__BRIEF__: A word-for-word restatement of all the records is the required answer.

[Records from a dataset]
• • •

(* [G3] is [E] after a finger move at [a] and two kinks on the side
   [Q k0 -- a] of the bigon between the crossing of [a] and [Q]; its square
   face [sq0, sq1, sq2, sq3] has corners at the crossing of [a], at [Q], and at
   the two kinks.  [G2f], [G1f], [Ef] are [G3f] with the kinks and the finger
   removed one at a time. *)
Section Gadget.
Variables (E : diag) (a : dart E).
Hypothesis V : valid_map E.
Hypothesis ea_ra : edg a != rot a.

Definition G1 := finger a.
Definition G2 := kink (inr (inl k0) : dart G1).
Definition G3 := kink (inr k1 : dart G2).

Definition sq0 : dart G3 := inl (inl (inl (rot a))).
Definition sq1 : dart G3 := inl (inl (inr (inl k0))).
Definition sq2 : dart G3 := inl (inr k1).
Definition sq3 : dart G3 := inr k1.

Definition G3f := flip G3 (fun y => vtx sq0 y || vtx sq2 y).
Definition G2f :=
  flip G2 (fun y => vtx (inl (inl (rot a)) : dart G2) y || vtx (inr k1 : dart G2) y).
Definition G1f := flip G1 (vtx (inl (rot a) : dart G1)).
Definition Ef := flip E (vtx (rot a)).

Let V1 : valid_map G1 := valid_map_finger V ea_ra.
Let V2 : valid_map G2 := valid_map_kink _ V1.
Let V3 : valid_map G3 := valid_map_kink _ V2.
Let V3f : valid_map G3f.
Proof. by apply: valid_map_flip V3 _ => x; rewrite !(vtx_rotr (valid_rot4 V3)). Qed.
Let V2f : valid_map G2f.
Proof. by apply: valid_map_flip V2 _ => x; rewrite !(vtx_rotr (valid_rot4 V2)). Qed.
Let V1f : valid_map G1f.
Proof. by apply: valid_map_flip V1 _ => x; rewrite !(vtx_rotr (valid_rot4 V1)). Qed.
Let Vf : valid_map Ef.
Proof. by apply: valid_map_flip V _ => x; rewrite !(vtx_rotr (valid_rot4 V)). Qed.

Lemma Dmove_G3 : Dmove G3 G3f.
Proof.
have ra_a : (rot a == a) = false by apply/negbTE/valid_rot_neq.
have a_ra : (a == rot a) = false by rewrite eq_sym.
have sq_face : [/\ fface sq0 = sq1, fface sq1 = sq2, fface sq2 = sq3 & fface sq3 = sq0].
  by split; rewrite /fface /=; do 8 (rewrite ?sum_eqE ?eqxx /=; rewrite_neqs).
have [f0 f1 f2 f3] := sq_face.
split; first exact: valid_mapW V3.
split; first exact: valid_mapW V3f.
exists sq0; cbv zeta; rewrite f0 f1 f2 f3.
by split => //; apply: flipped_flip.
Qed.

Lemma req_G3 : req E G3.
Proof.
have r1 : R2 G1 E := R2_finger V ea_ra (o := @finger_ovr E) (fun _ => erefl) erefl.
have r2 : R1 G2 G1 := R1_kink _ V1 (o := @kink_ovr G1) (fun _ => erefl).
have r3 : R1 G3 G2 := R1_kink _ V2 (o := @kink_ovr G2) (fun _ => erefl).
apply: rst_trans (rst_sym _ _ _ _ (req_R2 V1 V r1)) _.
exact: rst_trans (rst_sym _ _ _ _ (req_R1 V2 V1 r2)) (rst_sym _ _ _ _ (req_R1 V3 V2 r3)).
Qed.

Lemma req_G3f_Ef : req G3f Ef.
Proof.
have r1 : R1 G3f G2f.
  apply: (R1_kink (D := G2f) (inr k1) V2f (o := @ovr G3f)) => x.
  by rewrite /= !vtx_kink_inl.
have r2 : R1 G2f G1f.
  apply: (R1_kink (D := G1f) (inr (inl k0)) V1f (o := @ovr G2f)) => x.
  by rewrite /= !vtx_kink_inl vtx_kink_inr orbF.
have r3 : R2 G1f Ef.
  apply: (R2_finger (D := Ef) Vf ea_ra (o := @ovr G1f)) => [x|//].
  by rewrite /= vtx_finger_inl.
apply: rst_trans (req_R1 V3f V2f r1) _; apply: rst_trans (req_R1 V2f V1f r2) _.
exact: req_R2 V1f Vf r3.
Qed.

Lemma req_G3f (E' : diag) (d : dart E) :
  vtx d a -> flipped E E' (vtx d) -> valid E' -> req G3f E'.
Proof.
move=> da flip_d vE'; apply: rst_trans req_G3f_Ef (req_iso Vf _ _).
  by case: flip_d => f _; apply: valid_map_dart (f d) vE'.
apply: iso_flip_flipped flip_d => x.
by rewrite (vtx_rotl (valid_rot4 V)) (vtx_eq (valid_rot4 V) da).
Qed.

End Gadget.

Lemma exists_vtx_edg_neq_rot (D : diag) (d : dart D) :
  valid_map D -> exists2 a, vtx d a & edg a != rot a.
Proof.
move=> V; have [ed_rd|] := eqVneq (edg d) (rot d); last by exists d; rewrite ?vtx_refl.
exists (rot d); first by rewrite /vtx eqxx orbT.
have -> : edg (rot d) = d by rewrite -ed_rd valid_edgK.
by rewrite eq_sym valid_rot2_neq.
Qed.

Lemma Xmove_Dmove (D D' : diag) :
  Xmove D D' -> exists F F', [/\ req D F, Dmove F F' & req F' D'].
Proof.
case=> vD [vD' [d flip_d]].
have V := valid_map_dart d vD.
have [a da ea_ra] := exists_vtx_edg_neq_rot d V.
exists (G3 a), (G3f a); split; [exact: req_G3 | exact: Dmove_G3 |].
exact: req_G3f da flip_d vD'.
Qed.

Lemma Dmove_Xmove (D D' : diag) : Dmove D D' -> exists M, Xmove D M /\ Xmove M D'.
Proof.
case=> vD [vD' [t [_ distinct flip_diag]]].
have V := valid_map_dart t vD.
have rot4 := valid_rot4 V.
have VM : valid_map (flip D (vtx t)).
  by apply: valid_map_flip V _ => x; rewrite vtx_rotr.
exists (flip D (vtx t)); split.
  by split => //; split; [exact: valid_mapW | exists t; apply: flipped_flip].
split; first exact: valid_mapW.
split => //; exists (fface (fface t)); apply: flipped_flipU flip_diag => x.
apply/andP=> -[tx t2x]; move: distinct; case/and5P=> _ /negP[].
by rewrite -(vtx_eq rot4 tx) (vtx_eq rot4 t2x) vtx_refl.
Qed.

Lemma reach_req M k (D1 D2 D3 : diag) : req D1 D2 -> reach M k D2 D3 -> reach M k D1 D3.
Proof.
case: k => [|k] /= r12; first exact: rst_trans.
by case=> [E [E' [r2E m r]]]; exists E, E'; split => //; apply: rst_trans r12 r2E.
Qed.

Lemma reach_Xmove_Dmove k (D D' : diag) : reach Xmove k D D' -> reach Dmove k D D'.
Proof.
elim: k D => [|k IH] D //= [E [E' [r x rE']]].
have [F [F' [rF m rF']]] := Xmove_Dmove x.
exists F, F'; split; [exact: rst_trans r rF | exact: m | exact: reach_req rF' (IH _ rE')].
Qed.

Lemma reach_Dmove_Xmove k (D D' : diag) : reach Dmove k D D' -> reach Xmove (2 * k) D D'.
Proof.
elim: k D => [|k IH] D //; rewrite mulnS add2n => -[E [E' [r m rE']]].
have [M [x1 x2]] := Dmove_Xmove m.
by exists E, M; split => //; exists M, E'; split; [exact: rst_refl | exact: x2 | exact: IH].
Qed.

Theorem mainTheorem6 (D D' : diag) (HD : valid D) (HD' : valid D') :
  forall n : nat,
    (dist_le Xmove D D' n -> dist_le Dmove D D' n) /\
    (dist_le Dmove D D' n -> dist_le Xmove D D' (2 * n)).
Proof.
move=> n; split=> -[k [le_kn r]].
  by exists k; split => //; apply: reach_Xmove_Dmove.
by exists (2 * k); split; [rewrite leq_mul2l le_kn orbT | apply: reach_Dmove_Xmove].
Qed.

• • •

__FINAL ANSWER__:
(* [G3] is [E] after a finger move at [a] and two kinks on the side
   [Q k0 -- a] of the bigon between the crossing of [a] and [Q]; its square
   face [sq0, sq1, sq2, sq3] has corners at the crossing of [a], at [Q], and at
   the two kinks.  [G2f], [G1f], [Ef] are [G3f] with the kinks and the finger
   removed one at a time. *)
Section Gadget.
Variables (E : diag) (a : dart E).
Hypothesis V : valid_map E.
Hypothesis ea_ra : edg a != rot a.

Definition G1 := finger a.
Definition G2 := kink (inr (inl k0) : dart G1).
Definition G3 := kink (inr k1 : dart G2).

Definition sq0 : dart G3 := inl (inl (inl (rot a))).
Definition sq1 : dart G3 := inl (inl (inr (inl k0))).
Definition sq2 : dart G3 := inl (inr k1).
Definition sq3 : dart G3 := inr k1.

Definition G3f := flip G3 (fun y => vtx sq0 y || vtx sq2 y).
Definition G2f :=
  flip G2 (fun y => vtx (inl (inl (rot a)) : dart G2) y || vtx (inr k1 : dart G2) y).
Definition G1f := flip G1 (vtx (inl (rot a) : dart G1)).
Definition Ef := flip E (vtx (rot a)).

Let V1 : valid_map G1 := valid_map_finger V ea_ra.
Let V2 : valid_map G2 := valid_map_kink _ V1.
Let V3 : valid_map G3 := valid_map_kink _ V2.
Let V3f : valid_map G3f.
Proof. by apply: valid_map_flip V3 _ => x; rewrite !(vtx_rotr (valid_rot4 V3)). Qed.
Let V2f : valid_map G2f.
Proof. by apply: valid_map_flip V2 _ => x; rewrite !(vtx_rotr (valid_rot4 V2)). Qed.
Let V1f : valid_map G1f.
Proof. by apply: valid_map_flip V1 _ => x; rewrite !(vtx_rotr (valid_rot4 V1)). Qed.
Let Vf : valid_map Ef.
Proof. by apply: valid_map_flip V _ => x; rewrite !(vtx_rotr (valid_rot4 V)). Qed.

Lemma Dmove_G3 : Dmove G3 G3f.
Proof.
have ra_a : (rot a == a) = false by apply/negbTE/valid_rot_neq.
have a_ra : (a == rot a) = false by rewrite eq_sym.
have sq_face : [/\ fface sq0 = sq1, fface sq1 = sq2, fface sq2 = sq3 & fface sq3 = sq0].
  by split; rewrite /fface /=; do 8 (rewrite ?sum_eqE ?eqxx /=; rewrite_neqs).
have [f0 f1 f2 f3] := sq_face.
split; first exact: valid_mapW V3.
split; first exact: valid_mapW V3f.
exists sq0; cbv zeta; rewrite f0 f1 f2 f3.
by split => //; apply: flipped_flip.
Qed.

Lemma req_G3 : req E G3.
Proof.
have r1 : R2 G1 E := R2_finger V ea_ra (o := @finger_ovr E) (fun _ => erefl) erefl.
have r2 : R1 G2 G1 := R1_kink _ V1 (o := @kink_ovr G1) (fun _ => erefl).
have r3 : R1 G3 G2 := R1_kink _ V2 (o := @kink_ovr G2) (fun _ => erefl).
apply: rst_trans (rst_sym _ _ _ _ (req_R2 V1 V r1)) _.
exact: rst_trans (rst_sym _ _ _ _ (req_R1 V2 V1 r2)) (rst_sym _ _ _ _ (req_R1 V3 V2 r3)).
Qed.

Lemma req_G3f_Ef : req G3f Ef.
Proof.
have r1 : R1 G3f G2f.
  apply: (R1_kink (D := G2f) (inr k1) V2f (o := @ovr G3f)) => x.
  by rewrite /= !vtx_kink_inl.
have r2 : R1 G2f G1f.
  apply: (R1_kink (D := G1f) (inr (inl k0)) V1f (o := @ovr G2f)) => x.
  by rewrite /= !vtx_kink_inl vtx_kink_inr orbF.
have r3 : R2 G1f Ef.
  apply: (R2_finger (D := Ef) Vf ea_ra (o := @ovr G1f)) => [x|//].
  by rewrite /= vtx_finger_inl.
apply: rst_trans (req_R1 V3f V2f r1) _; apply: rst_trans (req_R1 V2f V1f r2) _.
exact: req_R2 V1f Vf r3.
Qed.

Lemma req_G3f (E' : diag) (d : dart E) :
  vtx d a -> flipped E E' (vtx d) -> valid E' -> req G3f E'.
Proof.
move=> da flip_d vE'; apply: rst_trans req_G3f_Ef (req_iso Vf _ _).
  by case: flip_d => f _; apply: valid_map_dart (f d) vE'.
apply: iso_flip_flipped flip_d => x.
by rewrite (vtx_rotl (valid_rot4 V)) (vtx_eq (valid_rot4 V) da).
Qed.

End Gadget.

Lemma exists_vtx_edg_neq_rot (D : diag) (d : dart D) :
  valid_map D -> exists2 a, vtx d a & edg a != rot a.
Proof.
move=> V; have [ed_rd|] := eqVneq (edg d) (rot d); last by exists d; rewrite ?vtx_refl.
exists (rot d); first by rewrite /vtx eqxx orbT.
have -> : edg (rot d) = d by rewrite -ed_rd valid_edgK.
by rewrite eq_sym valid_rot2_neq.
Qed.

Lemma Xmove_Dmove (D D' : diag) :
  Xmove D D' -> exists F F', [/\ req D F, Dmove F F' & req F' D'].
Proof.
case=> vD [vD' [d flip_d]].
have V := valid_map_dart d vD.
have [a da ea_ra] := exists_vtx_edg_neq_rot d V.
exists (G3 a), (G3f a); split; [exact: req_G3 | exact: Dmove_G3 |].
exact: req_G3f da flip_d vD'.
Qed.

Lemma Dmove_Xmove (D D' : diag) : Dmove D D' -> exists M, Xmove D M /\ Xmove M D'.
Proof.
case=> vD [vD' [t [_ distinct flip_diag]]].
have V := valid_map_dart t vD.
have rot4 := valid_rot4 V.
have VM : valid_map (flip D (vtx t)).
  by apply: valid_map_flip V _ => x; rewrite vtx_rotr.
exists (flip D (vtx t)); split.
  by split => //; split; [exact: valid_mapW | exists t; apply: flipped_flip].
split; first exact: valid_mapW.
split => //; exists (fface (fface t)); apply: flipped_flipU flip_diag => x.
apply/andP=> -[tx t2x]; move: distinct; case/and5P=> _ /negP[].
by rewrite -(vtx_eq rot4 tx) (vtx_eq rot4 t2x) vtx_refl.
Qed.

Lemma reach_req M k (D1 D2 D3 : diag) : req D1 D2 -> reach M k D2 D3 -> reach M k D1 D3.
Proof.
case: k => [|k] /= r12; first exact: rst_trans.
by case=> [E [E' [r2E m r]]]; exists E, E'; split => //; apply: rst_trans r12 r2E.
Qed.

Lemma reach_Xmove_Dmove k (D D' : diag) : reach Xmove k D D' -> reach Dmove k D D'.
Proof.
elim: k D => [|k IH] D //= [E [E' [r x rE']]].
have [F [F' [rF m rF']]] := Xmove_Dmove x.
exists F, F'; split; [exact: rst_trans r rF | exact: m | exact: reach_req rF' (IH _ rE')].
Qed.

Lemma reach_Dmove_Xmove k (D D' : diag) : reach Dmove k D D' -> reach Xmove (2 * k) D D'.
Proof.
elim: k D => [|k IH] D //; rewrite mulnS add2n => -[E [E' [r m rE']]].
have [M [x1 x2]] := Dmove_Xmove m.
by exists E, M; split => //; exists M, E'; split; [exact: rst_refl | exact: x2 | exact: IH].
Qed.

Theorem mainTheorem6 (D D' : diag) (HD : valid D) (HD' : valid D') :
  forall n : nat,
    (dist_le Xmove D D' n -> dist_le Dmove D D' n) /\
    (dist_le Dmove D D' n -> dist_le Xmove D D' (2 * n)).
Proof.
move=> n; split=> -[k [le_kn r]].
  by exists k; split => //; apply: reach_Xmove_Dmove.
by exists (2 * k); split; [rewrite leq_mul2l le_kn orbT | apply: reach_Dmove_Xmove].
Qed.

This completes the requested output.